For my part, ever since I won what I may call the splendid and immortal glory of the famous fifth of December[131] (though it was accompanied by the jealousy and hostility of many), I have never ceased to play my part in the Republic in the same lofty spirit, and to maintain the position I then inaugurated and took upon myself. But when, first, by the acquittal of Clodius I clearly perceived the insecurity and rotten state of the law courts; and, secondly, when I saw that it took so little to alienate my friends the publicani from the senate—though with me personally they had no quarrel; and, thirdly, that the rich (I mean your friends the fish-breeders) did not disguise their jealousy of me, I thought I must look out for some greater security and stronger support. So, to begin with, I have brought the man who had been too long silent on my achievements, Pompey himself, to such a frame of mind as not once only in the senate, but many times and in many words, to ascribe to me the preservation of this empire and of the world. And this was not so important to me—for those transactions are neither so obscure as to need testimony, nor so dubious as to need commendation—as to the Republic; for there were certain persons base enough to think that some misunderstanding would arise between me and Pompey from a difference of opinion on these measures. With him I have united myself in such close intimacy that both of us can by this union be better fortified in his own views, and more secure in his political position. However, the dislike of the licentious dandies, which had been roused against me, has been so far softened by a conciliatory manner on my part, that they all combine to show me marked attention. In fine, while avoiding churlishness to anyone, I do not curry favour with the populace or relax any principle; but my whole course of conduct is so carefully regulated, that, while exhibiting an example of firmness to the Republic, in my own private concerns—in view of the instability of the loyalists, the hostility of the disaffected, and the hatred of the disloyal towards me—I employ a certain caution and circumspection, and do not allow myself, after all, to be involved in these new friendships so far but that the famous refrain of the cunning Sicilian frequently sounds in my ears:[132]

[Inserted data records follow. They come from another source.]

(* Let $p$ and $p'$ be ordered quadruples of distinct points of $\partial\mathbf H^n_{\mathbb C}$. Then there exists an anti-holomorphic isometry of $\mathbf H^n_{\mathbb C}$ mapping $p_i$ to $p'_i$ for each $i$ if and only if the normalized Gram matrix of $p'$ is the complex conjugate of the normalized Gram matrix of $p$.
   Context: $\mathbb C^{n,1}$ is $\mathbb C^{n+1}$ with the Hermitian form $\langle Z,W\rangle=z_1\overline{w}_{n+1}+z_2\overline{w}_2+\cdots+z_n\overline{w}_n+z_{n+1}\overline{w}_1$; $\mathbf H^n_{\mathbb C}$ and $\partial\mathbf H^n_{\mathbb C}$ are the negative and null lines in $\mathbb P\mathbb C^n$. The full isometry group is generated by $\mathrm{PU}(n,1)$ and complex conjugation; anti-holomorphic isometries are those not in $\mathrm{PU}(n,1)$. For a quadruple with null lifts $P_i$, a Gram matrix is $(\langle P_i,P_j\rangle)$; the normalized Gram matrix of $p$ is the unique Gram matrix $G=(g_{ij})$ (for suitable lifts) with $g_{ii}=0$, $g_{12}=g_{23}=g_{34}=1$, $|g_{13}|=1$. *)

From HB Require Import structures.
From mathcomp Require Import all_boot all_order all_algebra all_fingroup.
From mathcomp Require Import reals complex.
Set Implicit Arguments. Unset Strict Implicit. Unset Printing Implicit Defensive.
Import Order.TTheory GRing.Theory Num.Theory.
Local Open Scope ring_scope.
Local Open Scope complex_scope.

Section Defs.
Variable R : realType.
Notation C := R[i].
Variable n : nat.

(* Vectors of C^{n,1} = C^{n+1}; coordinate k (1-based in the paper) is index k-1. *)
Notation vec := 'cV[C]_(n.+1).

(* The Hermitian form <Z,W> = z_1 conj(w_{n+1}) + z_2 conj(w_2) + ... + z_n conj(w_n)
   + z_{n+1} conj(w_1): the transposition swaps the first and last coordinates. *)
Definition herm (Z W : vec) : C :=
  \sum_(i < n.+1) Z i 0 * (W (tperm ord0 ord_max i) 0)^*.

(* a null vector: nonzero lift of a point of the boundary of complex hyperbolic space *)
Definition null_vec (Z : vec) : Prop := Z != 0 /\ herm Z Z = 0.

Definition same_line (Z W : vec) : Prop := exists c : C, c != 0 /\ W = c *: Z.

(* P : 'I_4 -> vec lifts an ordered quadruple of distinct points of the boundary *)
Definition bd_quadruple (P : 'I_4 -> vec) : Prop :=
  (forall i, null_vec (P i)) /\ (forall i j, i != j -> ~ same_line (P i) (P j)).

Definition unitary (A : 'M[C]_(n.+1)) : Prop :=
  forall Z W : vec, herm (A *m Z) (A *m W) = herm Z W.

Definition conjv (Z : vec) : vec := map_mx (fun z : C => z^*) Z.

(* Anti-holomorphic isometries of H^n_C are exactly the projectivisations of
   Z |-> A conj(Z) with A in U(n,1).  There is one mapping the point [P i] to [P' i]
   for every i iff: *)
Definition antiholo_iso_maps (P P' : 'I_4 -> vec) : Prop :=
  exists A : 'M[C]_(n.+1), unitary A /\
    forall i, same_line (A *m conjv (P i)) (P' i).

Definition i0 : 'I_4 := @Ordinal 4 0 isT.
Definition i1 : 'I_4 := @Ordinal 4 1 isT.
Definition i2 : 'I_4 := @Ordinal 4 2 isT.
Definition i3 : 'I_4 := @Ordinal 4 3 isT.

Definition normalized_gram (P : 'I_4 -> vec) (G : 'M[C]_4) : Prop :=
  exists lam : 'I_4 -> C, (forall i, lam i != 0) /\
    (forall i j, G i j = herm (lam i *: P i) (lam j *: P j)) /\
    (forall i, G i i = 0) /\
    G i0 i1 = 1 /\ G i1 i2 = 1 /\ G i2 i3 = 1 /\ `|G i0 i2| = 1.

End Defs.

Definition cconjmx (R : realType) (m k : nat) (G : 'M[R[i]]_(m, k)) : 'M[R[i]]_(m, k) :=
  map_mx (fun z : R[i] => z^*) G.

From HB Require Import structures.
From mathcomp Require Import all_boot all_order all_algebra all_fingroup.
From mathcomp Require Import reals complex.
From mathcomp Require Import ring.
Set Implicit Arguments. Unset Strict Implicit. Unset Printing Implicit Defensive.
Import Order.TTheory GRing.Theory Num.Theory.
Local Open Scope ring_scope.

(* If Z |-> A conj(Z), A in U(n,1), maps the points p_i to p'_i, then the
   normalized lifts satisfy lam'_i P'_i = m_i A conj(lam_i P_i), so that
   g'_ij = m_i conj(m_j) conj(g_ij); the normalizations g12 = g23 = g34 = 1 and
   |g13| = 1 force all m_i to equal one unimodular scalar, whence G' = conj(G).
   Conversely, if G' = conj(G) the vectors conj(lam_i P_i) and lam'_i P'_i have
   the same Gram matrix and a Witt-type argument produces A: reflections
   Z |-> Z - c <Z,w> w move the hyperbolic pair of the first two vectors to the
   standard pair (e_1, e_(n+1)), and since the form is definite on the orthogonal
   complement of that pair, each further vector is then moved to its target by
   one more reflection fixing everything already placed. *)

Section HermitianForm.
Variable R : realType.
Variable n : nat.
Local Notation C := R[i].
Local Notation vec := 'cV[C]_(n.+1).
Local Notation s := (tperm (@ord0 n) ord_max).

Lemma hermDl (X Y W : vec) : herm (X + Y) W = herm X W + herm Y W.
Proof. by rewrite /herm -big_split; apply: eq_bigr => i _; rewrite mxE mulrDl. Qed.

Lemma hermDr (X Y W : vec) : herm W (X + Y) = herm W X + herm W Y.
Proof. by rewrite /herm -big_split; apply: eq_bigr => i _; rewrite mxE rmorphD mulrDr. Qed.

Lemma hermZl a (X W : vec) : herm (a *: X) W = a * herm X W.
Proof. by rewrite /herm mulr_sumr; apply: eq_bigr => i _; rewrite mxE mulrA. Qed.

Lemma hermZr a (X W : vec) : herm W (a *: X) = a^* * herm W X.
Proof. by rewrite /herm mulr_sumr; apply: eq_bigr => i _; rewrite mxE rmorphM mulrCA. Qed.

Lemma hermBl (X Y W : vec) : herm (X - Y) W = herm X W - herm Y W.
Proof. by rewrite hermDl -scaleN1r hermZl mulN1r. Qed.

Lemma hermBr (X Y W : vec) : herm W (X - Y) = herm W X - herm W Y.
Proof. by rewrite hermDr -scaleN1r hermZr rmorphN rmorph1 mulN1r. Qed.

Lemma herm0l (W : vec) : herm 0 W = 0.
Proof. by rewrite -(scale0r 0) hermZl mul0r. Qed.

Lemma hermC (X W : vec) : (herm X W)^* = herm W X.
Proof.
rewrite /herm rmorph_sum (reindex_inj (@perm_inj _ s)) /=.
by apply: eq_bigr => i _; rewrite rmorphM /= tpermK (@conjCK _ (W i 0)) mulrC.
Qed.

Lemma herm_delta (X : vec) j : herm X (delta_mx j 0) = X (s j) 0.
Proof.
rewrite /herm (bigD1 (s j)) //= big1 ?addr0 => [|i Hi].
  by rewrite mxE tpermK !eqxx conjC1 mulr1.
rewrite mxE andbT; case: eqP => [Hij|]; last by rewrite conjC0 mulr0.
by move: Hi; rewrite -Hij tpermK eqxx.
Qed.

Lemma conjv_scale a (X : vec) : conjv (a *: X) = a^* *: conjv X.
Proof. by apply/matrixP => i j; rewrite !mxE rmorphM. Qed.

Lemma herm_conjv (X W : vec) : herm (conjv X) (conjv W) = (herm X W)^*.
Proof. by rewrite /herm rmorph_sum; apply: eq_bigr => i _; rewrite !mxE rmorphM. Qed.

Lemma herm_sub_self (X Y : vec) : herm X X = herm Y Y ->
  herm (X - Y) (X - Y) = herm X (X - Y) + (herm X (X - Y))^*.
Proof. by move=> hXY; rewrite hermC !hermBl !hermBr -hXY; ring. Qed.

Lemma herm_orth_sub (Z X Y : vec) : herm X Z = herm Y Z -> herm Z (X - Y) = 0.
Proof. by move=> h; rewrite -hermC hermBl h subrr conjC0. Qed.

(* The form is positive definite on the middle coordinates 2..n: this is where
   the signature (n,1) enters. *)
Lemma isotropic_mid_eq0 (w : vec) :
  w ord0 0 = 0 -> w ord_max 0 = 0 -> herm w w = 0 -> w = 0.
Proof.
move=> w0 wn ww0.
have wwE : herm w w = \sum_i w i 0 * (w i 0)^*.
  apply: eq_bigr => i _.
  have [->|i_ne0] := eqVneq i ord0; first by rewrite w0 !mul0r.
  have [->|i_nen] := eqVneq i ord_max; first by rewrite wn !mul0r.
  by rewrite tpermD // eq_sym.
have := psumr_eq0P (P := xpredT) (fun i _ => mul_conjC_ge0 (w i 0)).
rewrite -wwE => /(_ ww0) wi0.
apply/matrixP => i j; rewrite (ord1 j) mxE.
by apply/eqP; rewrite -mul_conjC_eq0; apply/eqP; apply: wi0.
Qed.

Lemma unitary1 : unitary (1%:M : 'M[C]_(n.+1)).
Proof. by move=> Z W; rewrite !mul1mx. Qed.

Lemma unitary_mul (A B : 'M[C]_(n.+1)) : unitary A -> unitary B -> unitary (A *m B).
Proof. by move=> uA uB Z W; rewrite -!mulmxA uA uB. Qed.

Lemma unitary_inj (A : 'M[C]_(n.+1)) (Z : vec) : unitary A -> A *m Z = 0 -> Z = 0.
Proof.
move=> uA AZ0; apply/matrixP => i j; rewrite (ord1 j) mxE.
by rewrite -(tpermK ord0 ord_max i) -herm_delta -uA AZ0 herm0l.
Qed.

Lemma unitary_left_inverse (A : 'M[C]_(n.+1)) : unitary A ->
  exists B, unitary B /\ forall Z : vec, B *m (A *m Z) = Z.
Proof.
move=> uA; have A_unit : A \in unitmx.
  rewrite -unitmx_tr -row_free_unit -kermx_eq0; apply/eqP/row_matrixP => i.
  rewrite row0; set u := row i _.
  have : A *m u^T = 0.
    by rewrite -[A]trmxK -trmx_mul /u -row_mul mulmx_ker row0 trmx0.
  by move/(unitary_inj uA)/(congr1 trmx); rewrite trmxK trmx0.
exists (invmx A); split => [Z W|Z]; last by rewrite mulmxA mulVmx // mul1mx.
by rewrite -uA !mulmxA !mulmxV // !mul1mx.
Qed.

Lemma tperm_mx_unitary : unitary (tperm_mx (@ord0 n) ord_max : 'M[C]_(n.+1)).
Proof.
move=> Z W; rewrite -!xrowE /herm (reindex_inj (@perm_inj _ s)) /=.
by apply: eq_bigr => i _; rewrite !mxE !tpermK.
Qed.

Definition herm_row (w : vec) : 'rV[C]_(n.+1) := \row_j (w (s j) 0)^*.

Lemma herm_rowE (w Z : vec) : herm_row w *m Z = (herm Z w)%:M.
Proof.
apply/matrixP => i j; rewrite (ord1 i) (ord1 j) !mxE mulr1n.
by apply: eq_bigr => k _; rewrite mxE mulrC.
Qed.

Definition reflection (c : C) (w : vec) : 'M[C]_(n.+1) :=
  1%:M - c *: (w *m herm_row w).

Lemma reflectionE c w (Z : vec) : reflection c w *m Z = Z - (c * herm Z w) *: w.
Proof.
by rewrite mulmxBl mul1mx -scalemxAl -mulmxA herm_rowE mul_mx_scalar scalerA.
Qed.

"Keep sober and distrust: these wisdom's sinews!"

Of my course and way of life, therefore, you see, I think, what may be called a sketch or outline. Of your own business, however, you frequently write to me, but I cannot at the moment supply the remedy you require. For that decree of the senate was passed with the greatest unanimity on the part of the rank and file,[133] though without the support of any of us consulars. For as to your seeing my name at the foot of the decree, you can ascertain from the decree itself that the subject put to the vote at the time was a different one, and that this clause about "free peoples" was added without good reason. It was done by P. Servilius the younger,[134] who delivered his vote among the last, but it cannot be altered after such an interval of time. Accordingly, the meetings, which at first were crowded, have long ceased to be held. If you have been able, notwithstanding, by your insinuating address to get a trifle of money out of the Sicyonians, I wish you would let me know.[135] I have sent you an account of my consulship written in Greek. If there is anything in it which to a genuine Attic like yourself seems to be un-Greek or unscholarly, I shall not say as Lucullus said to you (at Panhormus, was it not?) about his own history, that he had interspersed certain barbarisms and solecisms for the express purpose of proving that it was the work of a Roman. No, if there is anything of that sort in my book, it will be without my knowledge and against my will. When I have finished the Latin version I will send it to you; and thirdly, you may expect a poem on the subject, for I would not have any method of celebrating my praise omitted by myself. In this regard pray do not quote "Who will praise his sire?"[136] For if there is anything in the world to be preferred to this, let it receive its due meed of praise, and I mine of blame for not selecting another theme for my praise. However, what I write is not panegyric but history. My brother Quintus clears himself to me in a letter, and asserts that he has never said a disparaging word of you to anyone. But this we must discuss face to face with the greatest care and earnestness: only do come to see me again at last! This Cossinius, to whom I intrust my letter, seems to me a very good fellow, steady, devoted to you, and exactly the sort of man which your letter to me had described.

15 March.


XXV (A I, 20)

TO ATTICUS (IN EPIRUS)

Rome, 13 May

B.C. 60, ÆT. 46

On my return to Rome from my villa at Pompeii on the 12th of May, our friend Cincius handed me your letter dated 13th February. It is this letter of yours which I will now proceed to answer. And first let me say how glad I am that you have fully understood my appreciation of you;[137] and next how excessively rejoiced I am that you have been so extremely reasonable in regard to those particulars in which you thought[138] that I and mine had behaved unkindly, or with insufficient consideration for your feelings: and this I regard as a proof of no common affection, and of the most excellent judgment and wisdom. Wherefore, since you have written to me in a tone so delightful, considerate, friendly and kind, that I not only have no call to press you any farther, but can never even hope to meet from you or any other man with so much gentleness and good nature, I think the very best course I can pursue is not to say another word on the subject in my letters. When we meet, if the occasion should arise, we will discuss it together.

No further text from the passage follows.